_BRIEF:_ The entries should be given again so that each one matches the original exactly.

= Beginning of Section =

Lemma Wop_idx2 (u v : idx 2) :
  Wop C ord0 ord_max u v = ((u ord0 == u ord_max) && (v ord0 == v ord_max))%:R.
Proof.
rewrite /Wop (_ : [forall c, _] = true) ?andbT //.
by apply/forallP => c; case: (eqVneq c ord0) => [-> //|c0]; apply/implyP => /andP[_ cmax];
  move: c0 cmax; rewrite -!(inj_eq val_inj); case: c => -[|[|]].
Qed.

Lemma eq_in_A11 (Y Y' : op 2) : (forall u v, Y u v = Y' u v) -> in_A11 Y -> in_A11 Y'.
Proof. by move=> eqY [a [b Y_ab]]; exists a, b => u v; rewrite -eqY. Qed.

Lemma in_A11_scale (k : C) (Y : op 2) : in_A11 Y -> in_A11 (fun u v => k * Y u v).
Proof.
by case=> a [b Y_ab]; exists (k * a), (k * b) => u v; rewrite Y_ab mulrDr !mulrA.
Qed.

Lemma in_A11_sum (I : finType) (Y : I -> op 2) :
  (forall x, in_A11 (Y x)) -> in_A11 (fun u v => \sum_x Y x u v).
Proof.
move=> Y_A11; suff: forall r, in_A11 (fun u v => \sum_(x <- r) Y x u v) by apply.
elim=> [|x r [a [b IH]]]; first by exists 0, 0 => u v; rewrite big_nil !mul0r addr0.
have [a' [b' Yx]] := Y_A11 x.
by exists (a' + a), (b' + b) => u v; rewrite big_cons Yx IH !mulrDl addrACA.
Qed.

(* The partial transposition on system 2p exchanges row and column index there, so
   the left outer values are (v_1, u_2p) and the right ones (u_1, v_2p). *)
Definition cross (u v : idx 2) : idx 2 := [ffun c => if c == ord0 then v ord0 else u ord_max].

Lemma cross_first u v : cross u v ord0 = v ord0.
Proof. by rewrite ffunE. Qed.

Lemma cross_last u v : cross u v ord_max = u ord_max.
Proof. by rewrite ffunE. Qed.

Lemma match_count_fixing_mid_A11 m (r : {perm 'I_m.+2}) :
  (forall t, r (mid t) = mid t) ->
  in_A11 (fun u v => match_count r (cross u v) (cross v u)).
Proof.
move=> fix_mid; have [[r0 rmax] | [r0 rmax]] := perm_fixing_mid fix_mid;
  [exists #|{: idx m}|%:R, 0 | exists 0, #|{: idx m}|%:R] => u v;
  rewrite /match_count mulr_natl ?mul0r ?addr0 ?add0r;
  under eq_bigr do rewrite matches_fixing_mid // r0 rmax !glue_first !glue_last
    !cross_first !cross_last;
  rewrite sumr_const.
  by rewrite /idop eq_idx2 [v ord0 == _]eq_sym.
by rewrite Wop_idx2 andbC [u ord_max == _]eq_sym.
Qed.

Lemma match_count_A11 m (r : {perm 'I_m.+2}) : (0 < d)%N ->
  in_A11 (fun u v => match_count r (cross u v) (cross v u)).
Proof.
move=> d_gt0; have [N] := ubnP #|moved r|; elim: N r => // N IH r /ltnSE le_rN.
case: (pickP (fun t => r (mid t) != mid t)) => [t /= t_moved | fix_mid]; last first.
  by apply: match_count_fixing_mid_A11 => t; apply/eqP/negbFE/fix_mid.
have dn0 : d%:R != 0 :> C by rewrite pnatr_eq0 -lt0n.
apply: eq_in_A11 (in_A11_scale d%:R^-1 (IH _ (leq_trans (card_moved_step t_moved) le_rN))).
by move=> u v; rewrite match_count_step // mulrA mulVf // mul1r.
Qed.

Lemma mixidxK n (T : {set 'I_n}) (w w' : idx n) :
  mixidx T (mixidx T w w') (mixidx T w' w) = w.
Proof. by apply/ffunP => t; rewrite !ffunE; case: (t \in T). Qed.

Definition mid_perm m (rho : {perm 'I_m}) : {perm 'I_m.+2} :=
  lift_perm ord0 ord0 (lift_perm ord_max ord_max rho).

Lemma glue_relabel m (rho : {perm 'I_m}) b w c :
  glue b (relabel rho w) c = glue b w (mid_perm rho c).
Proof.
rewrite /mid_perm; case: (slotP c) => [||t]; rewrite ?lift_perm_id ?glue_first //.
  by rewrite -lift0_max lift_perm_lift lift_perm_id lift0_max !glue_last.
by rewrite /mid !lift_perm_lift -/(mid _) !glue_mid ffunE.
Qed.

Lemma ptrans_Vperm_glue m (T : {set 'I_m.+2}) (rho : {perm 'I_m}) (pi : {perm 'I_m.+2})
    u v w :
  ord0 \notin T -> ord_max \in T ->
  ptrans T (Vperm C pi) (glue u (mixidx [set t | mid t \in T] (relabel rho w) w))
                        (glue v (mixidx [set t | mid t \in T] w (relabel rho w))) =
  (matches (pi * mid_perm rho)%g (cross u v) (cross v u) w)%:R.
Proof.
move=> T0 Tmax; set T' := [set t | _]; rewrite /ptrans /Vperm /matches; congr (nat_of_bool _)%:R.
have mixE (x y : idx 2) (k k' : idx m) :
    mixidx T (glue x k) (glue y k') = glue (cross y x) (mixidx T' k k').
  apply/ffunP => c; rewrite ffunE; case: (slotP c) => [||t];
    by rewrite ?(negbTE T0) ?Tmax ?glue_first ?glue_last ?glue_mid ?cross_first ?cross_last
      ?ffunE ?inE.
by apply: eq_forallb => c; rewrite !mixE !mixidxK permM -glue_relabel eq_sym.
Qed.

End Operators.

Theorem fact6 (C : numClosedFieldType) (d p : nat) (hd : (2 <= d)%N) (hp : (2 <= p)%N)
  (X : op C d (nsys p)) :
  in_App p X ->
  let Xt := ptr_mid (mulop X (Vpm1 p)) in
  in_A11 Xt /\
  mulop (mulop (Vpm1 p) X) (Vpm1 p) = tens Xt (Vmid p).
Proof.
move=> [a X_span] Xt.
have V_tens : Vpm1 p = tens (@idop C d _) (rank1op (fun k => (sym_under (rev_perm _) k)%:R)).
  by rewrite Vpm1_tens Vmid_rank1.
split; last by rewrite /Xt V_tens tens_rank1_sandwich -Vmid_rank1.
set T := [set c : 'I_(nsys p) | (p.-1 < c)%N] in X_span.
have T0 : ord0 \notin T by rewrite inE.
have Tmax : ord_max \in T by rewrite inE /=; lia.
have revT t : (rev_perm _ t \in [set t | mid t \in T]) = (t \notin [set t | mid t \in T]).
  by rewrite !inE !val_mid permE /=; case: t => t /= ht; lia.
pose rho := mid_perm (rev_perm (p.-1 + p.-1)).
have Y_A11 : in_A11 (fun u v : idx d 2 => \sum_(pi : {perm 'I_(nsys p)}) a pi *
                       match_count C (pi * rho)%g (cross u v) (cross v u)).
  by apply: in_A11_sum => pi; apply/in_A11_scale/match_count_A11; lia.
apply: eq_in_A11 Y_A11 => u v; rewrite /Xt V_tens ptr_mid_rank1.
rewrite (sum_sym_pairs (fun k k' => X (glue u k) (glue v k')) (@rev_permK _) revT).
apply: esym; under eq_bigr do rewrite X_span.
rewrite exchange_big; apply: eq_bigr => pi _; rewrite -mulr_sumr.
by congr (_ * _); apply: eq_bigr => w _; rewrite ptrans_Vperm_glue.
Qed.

= End of Section =

_SOLUTION TO THIS TASK:_
Lemma Wop_idx2 (u v : idx 2) :
  Wop C ord0 ord_max u v = ((u ord0 == u ord_max) && (v ord0 == v ord_max))%:R.
Proof.
rewrite /Wop (_ : [forall c, _] = true) ?andbT //.
by apply/forallP => c; case: (eqVneq c ord0) => [-> //|c0]; apply/implyP => /andP[_ cmax];
  move: c0 cmax; rewrite -!(inj_eq val_inj); case: c => -[|[|]].
Qed.

Lemma eq_in_A11 (Y Y' : op 2) : (forall u v, Y u v = Y' u v) -> in_A11 Y -> in_A11 Y'.
Proof. by move=> eqY [a [b Y_ab]]; exists a, b => u v; rewrite -eqY. Qed.

Lemma in_A11_scale (k : C) (Y : op 2) : in_A11 Y -> in_A11 (fun u v => k * Y u v).
Proof.
by case=> a [b Y_ab]; exists (k * a), (k * b) => u v; rewrite Y_ab mulrDr !mulrA.
Qed.

Lemma in_A11_sum (I : finType) (Y : I -> op 2) :
  (forall x, in_A11 (Y x)) -> in_A11 (fun u v => \sum_x Y x u v).
Proof.
move=> Y_A11; suff: forall r, in_A11 (fun u v => \sum_(x <- r) Y x u v) by apply.
elim=> [|x r [a [b IH]]]; first by exists 0, 0 => u v; rewrite big_nil !mul0r addr0.
have [a' [b' Yx]] := Y_A11 x.
by exists (a' + a), (b' + b) => u v; rewrite big_cons Yx IH !mulrDl addrACA.
Qed.

(* The partial transposition on system 2p exchanges row and column index there, so
   the left outer values are (v_1, u_2p) and the right ones (u_1, v_2p). *)
Definition cross (u v : idx 2) : idx 2 := [ffun c => if c == ord0 then v ord0 else u ord_max].

Lemma cross_first u v : cross u v ord0 = v ord0.
Proof. by rewrite ffunE. Qed.

Lemma cross_last u v : cross u v ord_max = u ord_max.
Proof. by rewrite ffunE. Qed.

Lemma match_count_fixing_mid_A11 m (r : {perm 'I_m.+2}) :
  (forall t, r (mid t) = mid t) ->
  in_A11 (fun u v => match_count r (cross u v) (cross v u)).
Proof.
move=> fix_mid; have [[r0 rmax] | [r0 rmax]] := perm_fixing_mid fix_mid;
  [exists #|{: idx m}|%:R, 0 | exists 0, #|{: idx m}|%:R] => u v;
  rewrite /match_count mulr_natl ?mul0r ?addr0 ?add0r;
  under eq_bigr do rewrite matches_fixing_mid // r0 rmax !glue_first !glue_last
    !cross_first !cross_last;
  rewrite sumr_const.
  by rewrite /idop eq_idx2 [v ord0 == _]eq_sym.
by rewrite Wop_idx2 andbC [u ord_max == _]eq_sym.
Qed.

Lemma match_count_A11 m (r : {perm 'I_m.+2}) : (0 < d)%N ->
  in_A11 (fun u v => match_count r (cross u v) (cross v u)).
Proof.
move=> d_gt0; have [N] := ubnP #|moved r|; elim: N r => // N IH r /ltnSE le_rN.
case: (pickP (fun t => r (mid t) != mid t)) => [t /= t_moved | fix_mid]; last first.
  by apply: match_count_fixing_mid_A11 => t; apply/eqP/negbFE/fix_mid.
have dn0 : d%:R != 0 :> C by rewrite pnatr_eq0 -lt0n.
apply: eq_in_A11 (in_A11_scale d%:R^-1 (IH _ (leq_trans (card_moved_step t_moved) le_rN))).
by move=> u v; rewrite match_count_step // mulrA mulVf // mul1r.
Qed.

Lemma mixidxK n (T : {set 'I_n}) (w w' : idx n) :
  mixidx T (mixidx T w w') (mixidx T w' w) = w.
Proof. by apply/ffunP => t; rewrite !ffunE; case: (t \in T). Qed.

Definition mid_perm m (rho : {perm 'I_m}) : {perm 'I_m.+2} :=
  lift_perm ord0 ord0 (lift_perm ord_max ord_max rho).

Lemma glue_relabel m (rho : {perm 'I_m}) b w c :
  glue b (relabel rho w) c = glue b w (mid_perm rho c).
Proof.
rewrite /mid_perm; case: (slotP c) => [||t]; rewrite ?lift_perm_id ?glue_first //.
  by rewrite -lift0_max lift_perm_lift lift_perm_id lift0_max !glue_last.
by rewrite /mid !lift_perm_lift -/(mid _) !glue_mid ffunE.
Qed.

Lemma ptrans_Vperm_glue m (T : {set 'I_m.+2}) (rho : {perm 'I_m}) (pi : {perm 'I_m.+2})
    u v w :
  ord0 \notin T -> ord_max \in T ->
  ptrans T (Vperm C pi) (glue u (mixidx [set t | mid t \in T] (relabel rho w) w))
                        (glue v (mixidx [set t | mid t \in T] w (relabel rho w))) =
  (matches (pi * mid_perm rho)%g (cross u v) (cross v u) w)%:R.
Proof.
move=> T0 Tmax; set T' := [set t | _]; rewrite /ptrans /Vperm /matches; congr (nat_of_bool _)%:R.
have mixE (x y : idx 2) (k k' : idx m) :
    mixidx T (glue x k) (glue y k') = glue (cross y x) (mixidx T' k k').
  apply/ffunP => c; rewrite ffunE; case: (slotP c) => [||t];
    by rewrite ?(negbTE T0) ?Tmax ?glue_first ?glue_last ?glue_mid ?cross_first ?cross_last
      ?ffunE ?inE.
by apply: eq_forallb => c; rewrite !mixE !mixidxK permM -glue_relabel eq_sym.
Qed.

End Operators.

Theorem fact6 (C : numClosedFieldType) (d p : nat) (hd : (2 <= d)%N) (hp : (2 <= p)%N)
  (X : op C d (nsys p)) :
  in_App p X ->
  let Xt := ptr_mid (mulop X (Vpm1 p)) in
  in_A11 Xt /\
  mulop (mulop (Vpm1 p) X) (Vpm1 p) = tens Xt (Vmid p).
Proof.
move=> [a X_span] Xt.
have V_tens : Vpm1 p = tens (@idop C d _) (rank1op (fun k => (sym_under (rev_perm _) k)%:R)).
  by rewrite Vpm1_tens Vmid_rank1.
split; last by rewrite /Xt V_tens tens_rank1_sandwich -Vmid_rank1.
set T := [set c : 'I_(nsys p) | (p.-1 < c)%N] in X_span.
have T0 : ord0 \notin T by rewrite inE.
have Tmax : ord_max \in T by rewrite inE /=; lia.
have revT t : (rev_perm _ t \in [set t | mid t \in T]) = (t \notin [set t | mid t \in T]).
  by rewrite !inE !val_mid permE /=; case: t => t /= ht; lia.
pose rho := mid_perm (rev_perm (p.-1 + p.-1)).
have Y_A11 : in_A11 (fun u v : idx d 2 => \sum_(pi : {perm 'I_(nsys p)}) a pi *
                       match_count C (pi * rho)%g (cross u v) (cross v u)).
  by apply: in_A11_sum => pi; apply/in_A11_scale/match_count_A11; lia.
apply: eq_in_A11 Y_A11 => u v; rewrite /Xt V_tens ptr_mid_rank1.
rewrite (sum_sym_pairs (fun k k' => X (glue u k) (glue v k')) (@rev_permK _) revT).
apply: esym; under eq_bigr do rewrite X_span.
rewrite exchange_big; apply: eq_bigr => pi _; rewrite -mulr_sumr.
by congr (_ * _); apply: eq_bigr => w _; rewrite ptrans_Vperm_glue.
Qed.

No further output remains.